### EXERCISE MATERIALS
(* Let $\phi\colon\Sigma'\to\Sigma$ be a harmonic map of weighted metric graphs with boundary. Define $\phi^*f=f\circ\phi$ for $f\in\mathcal A^{0,0}(\Sigma,\partial\Sigma)$, $\phi^*(f_e\,d't_e)=(f_{\phi(e')}\circ\phi\;d_{e'}(\phi)\,d't_{e'})$, $\phi^*(f_e\,d''t_e)=(f_{\phi(e')}\circ\phi\;d_{e'}(\phi)\,d''t_{e'})$, and $\phi^*(f_e\,d't_ed''t_e)=(f_{\phi(e')}\circ\phi\;d_{e'}(\phi)^2\,d't_{e'}d''t_{e'})$, where the coefficient on $e'$ is taken to be $0$ if $\phi(e')$ is a vertex. Then $\phi^*$ maps $\mathcal A^{p,q}(\Sigma,\partial\Sigma)$ into $\mathcal A^{p,q}(\Sigma',\partial\Sigma')$ and is a homomorphism of bigraded differential algebras $\mathcal A^{\bullet,\bullet}(\Sigma,\partial\Sigma)\to\mathcal A^{\bullet,\bullet}(\Sigma',\partial\Sigma')$.
   Context: Weighted metric graph with boundary $(\Sigma,\partial\Sigma)$: finite multigraph without loop edges, oriented edges $e$ with length $\ell(e)>0$, parametrization $t_e\colon[0,\ell(e)]\to e$ ($t_e(0)=e^-$, $t_{\bar e}(x)=t_e(\ell(e)-x)$), weight $w(e)=w(\bar e)\in\mathbb Z_{>0}$, boundary $\partial\Sigma\subset V(\Sigma)$; subdivisions allowed. Pair smoothness at a valency-2 vertex $v$ with outgoing $e_1,e_2$: $(f_1,f_2)$ smooth at $v$ iff $w(e_1)^n\frac{d^nf_1}{dt_{e_1}^n}(v)=(-1)^nw(e_2)^n\frac{d^nf_2}{dt_{e_2}^n}(v)$ for all $n\ge0$. $\mathcal A^{0,0}$: continuous $f$, smooth on edges, at interior $v$: constant near $v$ (valency 1), $(f|_{e_1},f|_{e_2})$ smooth at $v$ (valency 2), $\sum_{e^-=v}w(e)\frac{df}{dt_e}(v)=0$ (valency $\ge3$). $\mathcal A^{1,0}$/$\mathcal A^{0,1}$: $(f_e\,d't_e)$/$(f_e\,d''t_e)$ with $f_{\bar e}=-f_e$, zero near interior valency-1 vertices, $(w(e_1)f_{e_1},-w(e_2)f_{e_2})$ smooth at interior valency-2 vertices, $\sum_{e^-=v}w(e)f_e(v)=0$ at interior valency $\ge3$. $\mathcal A^{1,1}$: $(f_e\,d't_ed''t_e)$, $f_{\bar e}=f_e$, zero near interior valency-1 vertices, $(w(e_1)^2f_{e_1},w(e_2)^2f_{e_2})$ smooth at interior valency-2 vertices. $d',d''$: $d'f=(\frac{df}{dt_e}d't_e)$, $d''f=(\frac{df}{dt_e}d''t_e)$, $d''(f_e\,d't_e)=(-\frac{df_e}{dt_e}d't_ed''t_e)$, $d'(f_e\,d''t_e)=(\frac{df_e}{dt_e}d't_ed''t_e)$; wedge product $(f_e\,d't_e)\wedge(g_e\,d''t_e)=(f_eg_e\,d't_ed''t_e)$, alternating. Piecewise linear map: continuous, after subdivision vertices→vertices, edges→edges homeomorphically or →vertices, boundary condition (if $\phi(v')\in\partial\Sigma$ and $\phi$ nonconstant near $v'$ then $v'\in\partial\Sigma'$), $\phi\circ t_{e'}(x)=t_e(d_{e'}(\phi)x)$ with $d_{e'}(\phi)=\ell(e)/\ell(e')$. Harmonic: at each $v'\notin\partial\Sigma'$, $\sum_{e'^-=v',e'\mapsto e}\frac{w(e')}{w(e)}d_{e'}(\phi)$ independent of edge $e$ at $\phi(v')$. *)

From Stdlib Require Import Reals ClassicalEpsilon.
From Coquelicot Require Import Coquelicot.
From mathcomp Require Import ssreflect ssrbool ssrfun eqtype ssrnat seq fintype bigop.

Set Implicit Arguments.
Unset Strict Implicit.
Unset Printing Implicit Defensive.

Open Scope R_scope.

### WHAT THE TASK ASKS
Everything from the line with "From Stdlib Require" through the end of the listing, both ends included, needs to be transcribed exactly, with no other lines.

### ANSWER SPACE
From Stdlib Require Import Reals ClassicalEpsilon.
From Coquelicot Require Import Coquelicot.
From mathcomp Require Import ssreflect ssrbool ssrfun eqtype ssrnat seq fintype bigop.

Set Implicit Arguments.
Unset Strict Implicit.
Unset Printing Implicit Defensive.

Open Scope R_scope.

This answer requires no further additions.